Gradient Boosting uses a gradient descent optimization technique to minimize the loss function (e.g., mean squared error for regression or cross-entropy loss for classification).
At each iteration, the algorithm calculates the negative gradient of the loss function with respect to the predictions made by the current ensemble model.
It then fits a new weak learner to the negative gradient (residuals), effectively moving the model in the direction that minimizes the loss.

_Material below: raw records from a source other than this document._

Lemma iso_dsum M M' N N' : iso M M' -> iso N N' -> iso (dsum M N) (dsum M' N').
Proof.
case=> f [g [hf hg fg gf]] [f' [g' [hf' hg' fg' gf']]].
exists (block_mx f 0 0 f'), (block_mx g 0 0 g').
rewrite /is_hom /= !mulmx_block !mulmx0 !mul0mx !addr0 !add0r fg fg' gf gf'.
rewrite -!scalar_mx_block; split=> // a.
  by rewrite !mulmx_block !mulmx0 !mul0mx !addr0 !add0r hf hf'.
by rewrite !mulmx_block !mulmx0 !mul0mx !addr0 !add0r hg hg'.
Qed.

Lemma iso_mpow M M' (r : nat) : iso M M' -> iso (mpow M r) (mpow M' r).
Proof. by move=> h; elim: r => [|r IH] /=; [exact: iso_refl | exact: iso_dsum]. Qed.

Lemma inFac_iso M M' N : iso M M' -> inFac M N -> inFac M' N.
Proof.
move=> h [r [f [hf /row_fullP [B hB]]]].
have [F [G [hF hG FG GF]]] := iso_mpow r (iso_sym h).
exists r, (F *m f); split; first exact: is_hom_mul.
by apply/row_fullP; exists (B *m G); rewrite -mulmxA (mulmxA G) GF mul1mx.
Qed.

Lemma fac_le_iso M M' N N' : iso M M' -> iso N N' -> fac_le M N -> fac_le M' N'.
Proof.
move=> hM hN le P hP /(inFac_iso (iso_sym hM)) /(le _ hP).
exact: inFac_iso hN.
Qed.

End ModuleIsomorphisms.

Theorem proposition5p1 (k : closedFieldType) (A : falgType k) (n : nat)
    (rho rho' : {perm 'I_n.+1} -> rmod A) :
  basic_algebra A ->
  poset_iso_stt rho -> poset_iso_stt rho' ->
  (forall i : 'I_n, iso (rho (sref i)) (rho' (sref i))) ->
  forall w : {perm 'I_n.+1}, iso (rho w) (rho' w).
Proof.
move=> _ [stt1 le1 inj1 surj1] [stt2 le2 inj2 surj2] atoms.
apply: (@auto_fixed n (fun w v => iso (rho w) (rho' v))); split => //.
- by move=> w; have [v] := surj2 _ (stt1 w); exists v.
- by move=> w v v' r r'; apply: inj2; exact: iso_trans (iso_sym r) r'.
- by move=> w w' v r r'; apply: inj1; exact: iso_trans r (iso_sym r').
- by move=> v; have [w /iso_sym] := surj1 _ (stt2 v); exists w.
- move=> w w' v v' r r'; rewrite -!weak_leE le1 le2.
  by split; apply: fac_le_iso => //; exact: iso_sym.
Qed.
(* Let $M\in\mathbb R^{n\times n}$ be sufficient, $B$ a complementary basis, $i\in B$, and suppose $B'=(B\setminus\{i\})\cup\{\bar i\}$ is a basis (i.e. $A_{\cdot B'}$ is invertible). Then $\mathcal C(B\setminus\{i\})$ is a facet (face of dimension $n-1$) of both $\mathcal C(B)$ and $\mathcal C(B')$, $\mathcal C(B)\cap\mathcal C(B')=\mathcal C(B\setminus\{i\})$, and for every complementary basis $B''\notin\{B,B'\}$ the cone $\mathcal C(B'')$ does not intersect the relative interior of $\mathcal C(B\setminus\{i\})$.
   Context: Let $M\in\mathbb R^{n\times n}$ and $A=[\,I\;\;-M\,]\in\mathbb R^{n\times 2n}$, with columns indexed by $\{1,\dots,2n\}$; for $J\subseteq\{1,\dots,2n\}$, $A_{\cdot J}$ denotes the submatrix of columns indexed by $J$. For $i\in\{1,\dots,2n\}$ the complementary index is $\bar i=i+n$ if $i\le n$ and $\bar i=i-n$ if $i>n$. A set $J$ is complementary if $i\in J$ implies $\bar i\notin J$. A complementary basis is a complementary set $B$ with $|B|=n$ and $A_{\cdot B}$ invertible. For a complementary set $J$, the complementary cone is $\mathcal C(J)=\{A_{\cdot J}\lambda:\lambda\ge 0\}$. $M$ is column sufficient if $[z_i(Mz)_i\le 0\ \forall i]\Rightarrow[z_i(Mz)_i=0\ \forall i]$; row sufficient if $M^T$ is column sufficient; sufficient if both. *)

(* Scalars: an arbitrary real field R (the paper uses the
   reals; everything here is order-algebraic, so R : realFieldType is a
   faithful generalization).  Vectors of R^n are row vectors 'rV[R]_n. *)
From HB Require Import structures.
From mathcomp Require Import all_boot all_order all_algebra.
Set Implicit Arguments. Unset Strict Implicit. Unset Printing Implicit Defensive.
Import Order.TTheory GRing.Theory Num.Theory.
Local Open Scope ring_scope.
Theorem corollary3p7 (K : fieldType) (A H : algType K)
  (sA : hopf_str A) (sH : hopf_str H)
  (lt lt' : H -> A -> H) (rt rt' : H -> A -> A) :
  is_hopf sA -> is_hopf sH ->
  matched_pair sA sH lt rt -> matched_pair sA sH lt' rt' ->
  (bicrossed_iso sA sH lt rt lt' rt' <->
   (lt' = lt /\
    exists u : H -> A, coalg_lazy_cocycle sA sH u /\
      (forall h c, rt' h c =
         sw (cop sH h) (fun h1 h' => sw (cop sH h') (fun h2 h3 =>
           sw (cop sA c) (fun c1 c2 =>
             u h1 * rt h2 c1 * antip sA (u (lt h3 c2)))))) /\
      (forall h g,
         sw (cop sH h) (fun h1 h' => sw (cop sH h') (fun h2 h3 =>
           sw (cop sH g) (fun g1 g2 =>
             u h1 * rt h2 (u g1) * antip sA (u (h3 * g2)))))
         = (cou sH g * cou sH h) *: 1) /\
      (forall h g, lt h (u g) = cou sH g *: h))).
Proof.
move=> hA hH mp mp'; split.
  move/(bicrossed_iso_sym hA hH (mp_lt_lin mp') (mp_rt_lin mp')).
  exact: bicrossed_iso_deformation.
case=> lt'E [u [u_cocycle u_deformation]]; subst lt'.
apply: bicrossed_iso_sym (mp_lt_lin mp) (mp_rt_lin mp) _ => //.
exact: deformation_bicrossed_iso mp u_cocycle u_deformation.
Qed.
(* Let $R\in\{R^L,R^C,R^V\}$ and let $\mathbf{u}$ be any utility profile. If a ballot vector $\mathbf{b}$ is a PNE of $(\mathcal{T},R,\mathbf{u})$, then for every voter $i\in N$ either $b_i=a_i$ or $b_i\in W(\mathbf{b})$.
   Context: Let $C=\{c_1,\dots,c_m\}$ be candidates and $N=\{1,\dots,n\}$ voters, each with an injective utility function $u_i:C\to\mathbb{N}$ inducing $c\succ_i c'$ iff $u_i(c)>u_i(c')$; $a_i$ is $i$'s top candidate. A ballot vector is $\mathbf{b}=(b_1,\dots,b_n)$ with $b_i\in C\cup\{\bot\}$ ($\bot$ = abstain); $(\mathbf{b}_{-i},b')$ replaces $b_i$ by $b'$. $\mathrm{sc}(c,\mathbf{b})=|\{i:b_i=c\}|$, $M(\mathbf{b})=\max_c\mathrm{sc}(c,\mathbf{b})$, $W(\mathbf{b})=\{c:\mathrm{sc}(c,\mathbf{b})=M(\mathbf{b})\}$ (equal to $C$ if all abstain). If $|W(\mathbf{b})|=1$ its element wins; otherwise: $R^L$ picks the $c_j\in W(\mathbf{b})$ with smallest index; $R^C$ picks uniformly at random from $W(\mathbf{b})$; $R^V$ picks a uniformly random voter $i\in N$ and outputs $b_i$ if $b_i\in W(\mathbf{b})$, else $i$'s most preferred candidate in $W(\mathbf{b})$. Let $p_j(\mathbf{b})$ be the probability that $c_j$ wins. Fix $0<\varepsilon<\min\{1/m,1/n\}$. In the truth-biased setting $\mathcal{T}$, voter $i$'s utility is $U_i(\mathbf{b})=\sum_jp_j(\mathbf{b})u_i(c_j)$ if $b_i\in C\setminus\{a_i\}$, $\sum_jp_j(\mathbf{b})u_i(c_j)+\varepsilon$ if $b_i=a_i$, and $-\infty$ if $b_i=\bot$. The game $(\mathcal{T},R,\mathbf{u})$ has players $N$ with action sets $C\cup\{\bot\}$. A PNE is a ballot vector $\mathbf{b}$ with $U_i(\mathbf{b})\ge U_i(\mathbf{b}_{-i},b')$ for all $i\in N$ and $b'\in C\cup\{\bot\}$. *)

From mathcomp Require Import all_boot all_order all_algebra.
Set Implicit Arguments. Unset Strict Implicit. Unset Printing Implicit Defensive.
Import Order.TTheory GRing.Theory Num.Theory.
Local Open Scope ring_scope.

(* Candidates are 'I_m (c_j has index j), voters are 'I_n.
   A ballot is an option 'I_m, where None stands for abstention (bot). *)
Definition ballots (n m : nat) := 'I_n -> option 'I_m.

Definition profile (n m : nat) := 'I_n -> 'I_m -> nat.

Definition upd n m (b : ballots n m) (i : 'I_n) (b' : option 'I_m) : ballots n m :=
  fun j => if j == i then b' else b j.

Definition sc n m (b : ballots n m) (c : 'I_m) : nat := #|[set j | b j == Some c]|.
Definition Mx n m (b : ballots n m) : nat := (\max_(c : 'I_m) sc b c)%N.
(* W(b); equals the whole candidate set when everybody abstains *)
Definition W n m (b : ballots n m) : {set 'I_m} := [set c | sc b c == Mx b].

Definition is_top n m (u : profile n m) (i : 'I_n) (c : 'I_m) : bool :=
  [forall c', (u i c' <= u i c)%N].
Definition is_top_in n m (u : profile n m) (i : 'I_n) (S : {set 'I_m}) (c : 'I_m) : bool :=
  (c \in S) && [forall c' in S, (u i c' <= u i c)%N].

Inductive rule := RL | RC | RV.

Definition winprob n m (R : rule) (u : profile n m) (b : ballots n m) (j : 'I_m) : rat :=
  if #|W b| == 1%N then (j \in W b)%:R else
  match R with
  | RL => ((j \in W b) && [forall k in W b, (j <= k)%N])%:R
  | RC => (j \in W b)%:R / #|W b|%:R
  | RV => #|[set i : 'I_n | if b i is Some c then
                              (if c \in W b then c == j else is_top_in u i (W b) j)
                            else is_top_in u i (W b) j]|%:R / n%:R
  end.

(* U_i(b) in the truth-biased setting; None stands for -infinity *)
Definition Util n m (R : rule) (u : profile n m) (eps : rat) (b : ballots n m) (i : 'I_n)
  : option rat :=
  match b i with
  | None => None
  | Some c => Some (\sum_(j : 'I_m) winprob R u b j * (u i j)%:R
                    + (if is_top u i c then eps else 0))
  end.

Definition ext_le (x y : option rat) : bool :=
  match x, y with
  | None, _ => true
  | Some _, None => false
  | Some a, Some b => a <= b
  end.

Definition is_PNE n m (R : rule) (u : profile n m) (eps : rat) (b : ballots n m) : Prop :=
  forall (i : 'I_n) (b' : option 'I_m), ext_le (Util R u eps (upd b i b') i) (Util R u eps b i).

From mathcomp Require Import all_boot all_order all_algebra.
From mathcomp Require Import lra.
Import Order.TTheory GRing.Theory Num.Theory.
Set Implicit Arguments. Unset Strict Implicit. Unset Printing Implicit Defensive.
Local Open Scope ring_scope.

(* Suppose voter i votes for c, which is neither her top candidate a nor a
   current winner, and let her switch to a.  Since c carries no weight in
   W(b), no candidate j <> a gains winning probability: either W is unchanged
   (or only gains a), so every rule gives j at most its old chance, or j drops
   out of W altogether.  The probabilities still sum to 1, so the lost mass
   goes to a, the candidate i likes best, and her expected utility does not
   decrease; on top of that she collects the truth bonus eps > 0, so b is not
   an equilibrium.  Abstaining is worth -infinity, so it is never a best
   response either. *)

Lemma sum_indicator (m : nat) (P : pred 'I_m) :
  \sum_(j : 'I_m) ((P j)%:R : rat) = #|P|%:R.
Proof.
rewrite -natr_sum -sum1_card; congr _%:R.
by rewrite [RHS]big_mkcond; apply: eq_bigr => j _; rewrite unfold_in; case: (P j).
Qed.

Section TopIn.

Variables (n m : nat) (u : profile n m) (k : 'I_n).
Hypothesis u_inj : injective (u k).

Lemma is_top_in_unique (S : {set 'I_m}) j1 j2 :
  is_top_in u k S j1 -> is_top_in u k S j2 -> j1 = j2.
Proof.
move=> /andP[h1 /forall_inP le1] /andP[h2 /forall_inP le2].
by apply: u_inj; apply/eqP; rewrite eqn_leq le1 // le2.
Qed.

Lemma is_top_in_pred1 (S : {set 'I_m}) c0 :
  c0 \in S -> exists j0, forall j, is_top_in u k S j = (j == j0).
Proof.
move=> Sc0; have [j0 Sj0 j0_max] := @arg_maxnP _ c0 (mem S) (u k) Sc0.
have top_j0 : is_top_in u k S j0 by apply/andP; split=> //; apply/forall_inP.
by exists j0 => j; apply/idP/eqP => [/is_top_in_unique/(_ top_j0) | ->].
Qed.

End TopIn.

Lemma sc_le_Mx n m (b : ballots n m) c : (sc b c <= Mx b)%N.
Proof. exact: (@leq_bigmax _ (sc b)). Qed.

Section Scores.

Variables (n m : nat) (b : ballots n m).

Lemma W_nonempty : (0 < m)%N -> exists c, c \in W b.
Proof.
move=> m_gt0; have [c Mc] := @bigop.eq_bigmax _ (sc b) (ltac:(by rewrite card_ord)).
by exists c; rewrite inE /Mx Mc.
Qed.

Variables (i : 'I_n) (c a : 'I_m).
Hypotheses (bi_c : b i = Some c) (c_neq_a : c != a).
Let b' := upd b i (Some a).

Lemma sc_upd_new : sc b' a = (sc b a).+1.
Proof.
rewrite /sc (_ : [set j | b' j == Some a] = i |: [set j | b j == Some a]).
  by rewrite cardsU1 inE bi_c (inj_eq (@Some_inj _)) (negbTE c_neq_a).
by apply/setP => j; rewrite !inE /b' /upd; case: (eqVneq j i) => [->|]; rewrite ?eqxx.
Qed.

Lemma sc_upd_le d : d != a -> (sc b' d <= sc b d)%N.
Proof.
move=> d_neq_a; apply/subset_leq_card/subsetP => j.
rewrite !inE /b' /upd; case: (eqVneq j i) => // _.
by rewrite (inj_eq (@Some_inj _)) eq_sym (negbTE d_neq_a).
Qed.

Lemma sc_upd_other d : d != a -> d != c -> sc b' d = sc b d.
Proof.
move=> d_neq_a d_neq_c; apply: eq_card => j; rewrite !inE /b' /upd.
case: (eqVneq j i) => // ->.
by rewrite bi_c !(inj_eq (@Some_inj _)) ![_ == d]eq_sym (negbTE d_neq_a) (negbTE d_neq_c).
Qed.

Hypotheses (m_gt0 : (0 < m)%N) (c_notin_W : c \notin W b).

(* As soon as some j <> a still wins after the switch, the top score is
   unchanged, and W only possibly loses c (which was not in it) and gains a. *)
Lemma W_upd_loser j : j != a -> j \in W b' ->
  [/\ a \notin W b, W b \subset W b' & forall d, d \in W b' -> d != a -> d \in W b].
Proof.
move=> j_neq_a /[dup] W'j; rewrite inE => /eqP Mj.
have Mx_le : (Mx b' <= Mx b)%N by rewrite -Mj (leq_trans (sc_upd_le j_neq_a)) ?sc_le_Mx.
have [c0 Wc0] := W_nonempty m_gt0.
have c0_neq_c : c0 != c by apply: contraNneq c_notin_W => <-.
have Mx_ge : (Mx b <= Mx b')%N.
  move: Wc0; rewrite inE => /eqP <-; have [->|c0_neq_a] := eqVneq c0 a.
    by rewrite (leq_trans (leqnSn _)) // -sc_upd_new sc_le_Mx.
  by rewrite -(sc_upd_other c0_neq_a c0_neq_c) sc_le_Mx.
have Mx_eq : Mx b' = Mx b by apply/eqP; rewrite eqn_leq Mx_le Mx_ge.
have a_notin_W : a \notin W b.
  by rewrite inE -Mx_eq; apply/eqP => Ma; have := sc_le_Mx b' a; rewrite sc_upd_new Ma ltnn.
split=> // [|d]; first apply/subsetP => d Wd.
  have d_neq_c : d != c by apply: contraNneq c_notin_W => <-.
  have d_neq_a : d != a by apply: contraNneq a_notin_W => <-.
  by move: Wd; rewrite !inE (sc_upd_other d_neq_a d_neq_c) Mx_eq.
rewrite inE => /eqP Md d_neq_a.
by rewrite inE eqn_leq sc_le_Mx -Mx_eq -Md sc_upd_le.
Qed.

End Scores.

Section WinProb.

Variables (n m : nat) (R : rule) (u : profile n m).
Hypotheses (n_gt0 : (0 < n)%N) (m_gt0 : (0 < m)%N).

(* Under R^V: voter k, when drawn, makes j the winner. *)
Definition rv_choice (b : ballots n m) (k : 'I_n) (j : 'I_m) : bool :=
  if b k is Some c then (if c \in W b then c == j else is_top_in u k (W b) j)
  else is_top_in u k (W b) j.

Lemma rv_choice_W b k j : rv_choice b k j -> j \in W b.
Proof.
rewrite /rv_choice; case: (b k) => [c|]; last by case/andP.
by case: ifP => [Wc /eqP <- // | _ /andP[]].
Qed.

Lemma rv_choice_pred1 b k : injective (u k) ->
  exists j0, forall j, rv_choice b k j = (j == j0).
Proof.
move=> u_inj; have [c0 Wc0] := W_nonempty b m_gt0.
rewrite /rv_choice; case: (b k) => [c|]; last exact: is_top_in_pred1 Wc0.
case: (c \in W b); last exact: is_top_in_pred1 Wc0.
by exists c => j; rewrite eq_sym.
Qed.

Lemma winprob_single b j : #|W b| == 1%N -> winprob R u b j = (j \in W b)%:R.
Proof. by rewrite /winprob => ->. Qed.

Lemma winprob_RL b j : #|W b| != 1%N ->
  winprob RL u b j = ((j \in W b) && [forall k in W b, (j <= k)%N])%:R.
Proof. by rewrite /winprob => /negbTE ->. Qed.

Lemma winprob_RC b j : #|W b| != 1%N ->
  winprob RC u b j = (j \in W b)%:R / #|W b|%:R.
Proof. by rewrite /winprob => /negbTE ->. Qed.

Lemma winprob_RV b j : #|W b| != 1%N ->
  winprob RV u b j = #|[set k | rv_choice b k j]|%:R / n%:R.
Proof. by rewrite /winprob => /negbTE ->. Qed.

Lemma winprob_ge0 b j : 0 <= winprob R u b j.
Proof. by rewrite /winprob; case: ifP => // _; case: R => //; rewrite divr_ge0. Qed.

Lemma winprob_le1 b j : winprob R u b j <= 1.
Proof.
rewrite /winprob; case: ifP => _; first by rewrite lern1 leq_b1.
have [c0 Wc0] := W_nonempty b m_gt0.
have W_gt0 : (0 < #|W b|)%N by apply/card_gt0P; exists c0.
case: R; first by rewrite lern1 leq_b1.
- by rewrite ler_pdivrMr ?ltr0n // mul1r ler_nat; case: (_ \in _).
- by rewrite ler_pdivrMr ?ltr0n // mul1r ler_nat (leq_trans (max_card _)) ?card_ord.
Qed.

Lemma winprob_notin_W b j : j \notin W b -> winprob R u b j = 0.
Proof.
move=> Wj; rewrite /winprob (negbTE Wj); case: ifP => // _; case: R => //.
  by rewrite mul0r.
suff -> : [set k | rv_choice b k j] = set0 by rewrite cards0 mul0r.
by apply/setP => k; rewrite !inE; apply: contraNF Wj => /rv_choice_W.
Qed.

Lemma winprob_sum1 b : (forall k, injective (u k)) -> \sum_j winprob R u b j = 1.
Proof.
move=> u_inj; have [c0 Wc0] := W_nonempty b m_gt0.
have [W1|W_neq1] := eqVneq #|W b| 1%N.
  by under eq_bigr do rewrite winprob_single ?W1 //; rewrite (sum_indicator (mem (W b))) W1.
have W_neq0 : #|W b|%:R != 0 :> rat by rewrite pnatr_eq0 -lt0n; apply/card_gt0P; exists c0.
case: R.
- under eq_bigr do rewrite winprob_RL //; rewrite sum_indicator.
  have [j0 Wj0 j0_min] := @arg_minnP _ c0 (fun x => x \in W b) val Wc0.
  rewrite (@eq_card1 _ j0) // => j; rewrite unfold_in; apply/idP/eqP => [|->].
    by case/andP => Wj /forall_inP j_min; apply/val_inj/eqP; rewrite eqn_leq j_min ?j0_min.
  by rewrite Wj0; apply/forall_inP.
- under eq_bigr do rewrite winprob_RC //.
  by rewrite -mulr_suml (sum_indicator (mem (W b))) divff.
- under eq_bigr do rewrite winprob_RV //; rewrite -mulr_suml -natr_sum.
  suff -> : (\sum_(j : 'I_m) #|[set k | rv_choice b k j]| = n)%N.
    by rewrite divff // pnatr_eq0 -lt0n.
  under eq_bigr do rewrite -sum1dep_card big_mkcond /=.
  rewrite exchange_big /= -[n in RHS]card_ord -sum1_card; apply: eq_bigr => k _.
  have [j0 choice_j0] := rv_choice_pred1 b (u_inj k).
  rewrite -big_mkcond sum1dep_card (_ : [set j | rv_choice b k j] = [set j0]) ?cards1 //.
  by apply/setP => j; rewrite !inE choice_j0.
Qed.

Lemma is_top_in_subset k (S S' : {set 'I_m}) j :
  S \subset S' -> j \in S -> is_top_in u k S' j -> is_top_in u k S j.
Proof.
move=> sSS' Sj /andP[_ /forall_inP j_max]; rewrite /is_top_in Sj.
by apply/forall_inP => x /(subsetP sSS'); apply: j_max.
Qed.

Variables (b : ballots n m) (i : 'I_n) (c a : 'I_m).
Hypotheses (bi_c : b i = Some c) (c_notin_W : c \notin W b) (c_neq_a : c != a).
Let b' := upd b i (Some a).

Lemma winprob_upd_loser_le j : j != a -> winprob R u b' j <= winprob R u b j.
Proof.
move=> j_neq_a; have [W'j|W'j] := boolP (j \in W b'); last first.
  by rewrite winprob_notin_W ?winprob_ge0.
have [a_notin_W sWW' W'_sub] := W_upd_loser bi_c c_neq_a m_gt0 c_notin_W j_neq_a W'j.
have Wj : j \in W b by apply: W'_sub.
have [W1|W_neq1] := eqVneq #|W b| 1%N.
  by rewrite [winprob R u b j]winprob_single ?W1 // Wj winprob_le1.
have W_gt1 : (1 < #|W b|)%N by rewrite ltn_neqAle eq_sym W_neq1 card_gt0; apply/set0Pn; exists j.
have W'_neq1 : #|W b'| != 1%N by rewrite neq_ltn (leq_trans W_gt1) ?subset_leq_card ?orbT.
case: R.
- rewrite !winprob_RL // ler_nat Wj; case/boolP: (_ && _) => // /andP[_ /forall_inP j_min].
  by rewrite (_ : [forall _ in _, _] = true) //; apply/forall_inP => k /(subsetP sWW'); apply: j_min.
- have W_gt0 : (0 < #|W b|)%N by rewrite ltnW.
  by rewrite !winprob_RC // W'j Wj !mul1r lef_pV2 ?posrE ?ltr0n ?ler_nat ?subset_leq_card
    // (leq_trans W_gt0) ?subset_leq_card.
- rewrite !winprob_RV // ler_pM2r ?invr_gt0 ?ltr0n // ler_nat.
  apply/subset_leq_card/subsetP => k; rewrite !inE /rv_choice {1}/b' /upd.
  case: (eqVneq k i) => [->|_].
    rewrite bi_c (negbTE c_notin_W); case: ifP => [_ /eqP a_eq_j|_].
      by rewrite a_eq_j eqxx in j_neq_a.
    exact: is_top_in_subset.
  case: (b k) => [c'|]; last exact: is_top_in_subset.
  case: ifP => [_ /eqP -> | W'c']; first by rewrite Wj eqxx.
  rewrite ifF; first exact: is_top_in_subset.
  by apply: contraFF W'c' => /(subsetP sWW').
Qed.

Definition expected_utility (b : ballots n m) (k : 'I_n) : rat :=
  \sum_j winprob R u b j * (u k j)%:R.

Lemma expected_utility_upd_top : (forall k, injective (u k)) ->
  (forall j, (u i j <= u i a)%N) -> expected_utility b i <= expected_utility b' i.
Proof.
move=> u_inj a_top; rewrite -subr_ge0 -sumrB.
(* Both distributions have total mass 1, so each term may be measured against u_i(a). *)
have mass_moved : \sum_j (winprob R u b' j - winprob R u b j) * (u i a)%:R = 0.
  by rewrite -mulr_suml sumrB !winprob_sum1 // subrr mul0r.
rewrite -{1}mass_moved; apply: ler_sum => j _; rewrite -mulrBl.
have [->|j_neq_a] := eqVneq j a => //.
by rewrite ler_wnM2l ?ler_nat // subr_le0 winprob_upd_loser_le.
Qed.

End WinProb.

Theorem proposition2 (n m : nat) (R : rule) (u : profile n m) (eps : rat)
  (hn : (0 < n)%N) (hm : (0 < m)%N)
  (hinj : forall i : 'I_n, injective (u i))
  (heps0 : 0 < eps) (heps1 : eps < m%:R^-1) (heps2 : eps < n%:R^-1)
  (b : ballots n m) :
  is_PNE R u eps b ->
  forall i : 'I_n, exists c : 'I_m, b i = Some c /\ (is_top u i c \/ c \in W b).
Proof.
move=> pne i; have upd_i x : upd b i x i = x by rewrite /upd eqxx.
case bi: (b i) => [c|]; last by have := pne i (Some (Ordinal hm)); rewrite /Util upd_i bi.
exists c; split=> //; apply/orP; apply: contraT; rewrite negb_or => /andP[c_not_top c_notin_W].
have [a _ a_max] := @arg_maxnP _ (Ordinal hm) xpredT (u i) isT.
have a_top : is_top u i a by apply/forallP => j; apply: a_max.
have c_neq_a : c != a by apply: contraNneq c_not_top => ->.
have := pne i (Some a); rewrite /Util upd_i bi a_top (negbTE c_not_top) /= addr0.
have := expected_utility_upd_top R hn hm bi c_notin_W c_neq_a hinj (fun j => a_max j isT).
rewrite /expected_utility; lra.
Qed.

## 5. Weighted Sum of Predictions:

The predictions of the ensemble model are the weighted sum of the predictions made by all the individual weak learners.
Each weak learner contributes a small amount to the overall prediction, and the contributions are weighted by a learning rate parameter.

## 6. Regularization:

Gradient Boosting incorporates regularization techniques to prevent overfitting and improve model generalization.
Regularization is achieved through techniques such as shrinkage (learning rate), limiting the complexity of weak learners, and adding constraints on the model parameters.

## 7. Stopping Criterion:

The algorithm continues to add weak learners to the ensemble until a stopping criterion is met, such as reaching a maximum number of iterations, achieving a minimum improvement in the loss function, or reaching a maximum depth for the weak learners.

## Question - 7
ans - 

Constructing the mathematical intuition behind the Gradient Boosting algorithm involves understanding the underlying principles of gradient descent optimization, the concept of residuals, and the additive nature of the ensemble model. Here are the key steps involved in building the mathematical intuition of Gradient Boosting:

## 1. Loss Function:

* Start with a defined loss function that measures the discrepancy between the actual target values and the predictions made by the model.

* For regression problems, the loss function could be mean squared error (MSE), while for classification problems, it could be cross-entropy loss.

## 2. Gradient Descent Optimization:

* Understand the concept of gradient descent, which is an optimization algorithm used to minimize the loss function.

* Gradient descent iteratively updates the model parameters (weights) in the direction that reduces the loss function the most.

* Calculate the gradient of the loss function with respect to the model predictions to determine the direction of steepest descent.


## 3. Residuals:

* Define the residuals as the differences between the actual target values and the predictions made by the current model.

* Residuals represent the errors or discrepancies in the predictions that the model has not yet captured.


## 4. Weak Learners:

* Introduce the concept of weak learners, which are simple models (e.g., decision trees) that perform slightly better than random guessing.

* Each weak learner is trained to predict the residuals of the current model rather than the original target values.

* Weak learners focus on capturing the remaining patterns in the data that were not captured by the previous models.


## 5. Additive Model:

* Understand that Gradient Boosting constructs an ensemble model by sequentially adding weak learners to the ensemble.

* Each weak learner contributes a small amount to the overall prediction, and the contributions are weighted by a learning rate parameter.

* The predictions of the ensemble model are the sum of the predictions made by all the individual weak learners.

## 6. Gradient Boosting Algorithm:

* Combine the concepts of gradient descent optimization, residuals, weak learners, and additive model to formulate the Gradient Boosting algorithm.

* At each iteration, calculate the negative gradient of the loss function with respect to the predictions made by the current ensemble model.

* Fit a new weak learner to the negative gradient (residuals), effectively moving the model in the direction that minimizes the loss.

## 7. Regularization:

* Consider the incorporation of regularization techniques in Gradient Boosting to prevent overfitting and improve model generalization.

* Regularization techniques may include shrinkage (learning rate), limiting the complexity of weak learners, and adding constraints on the model parameters.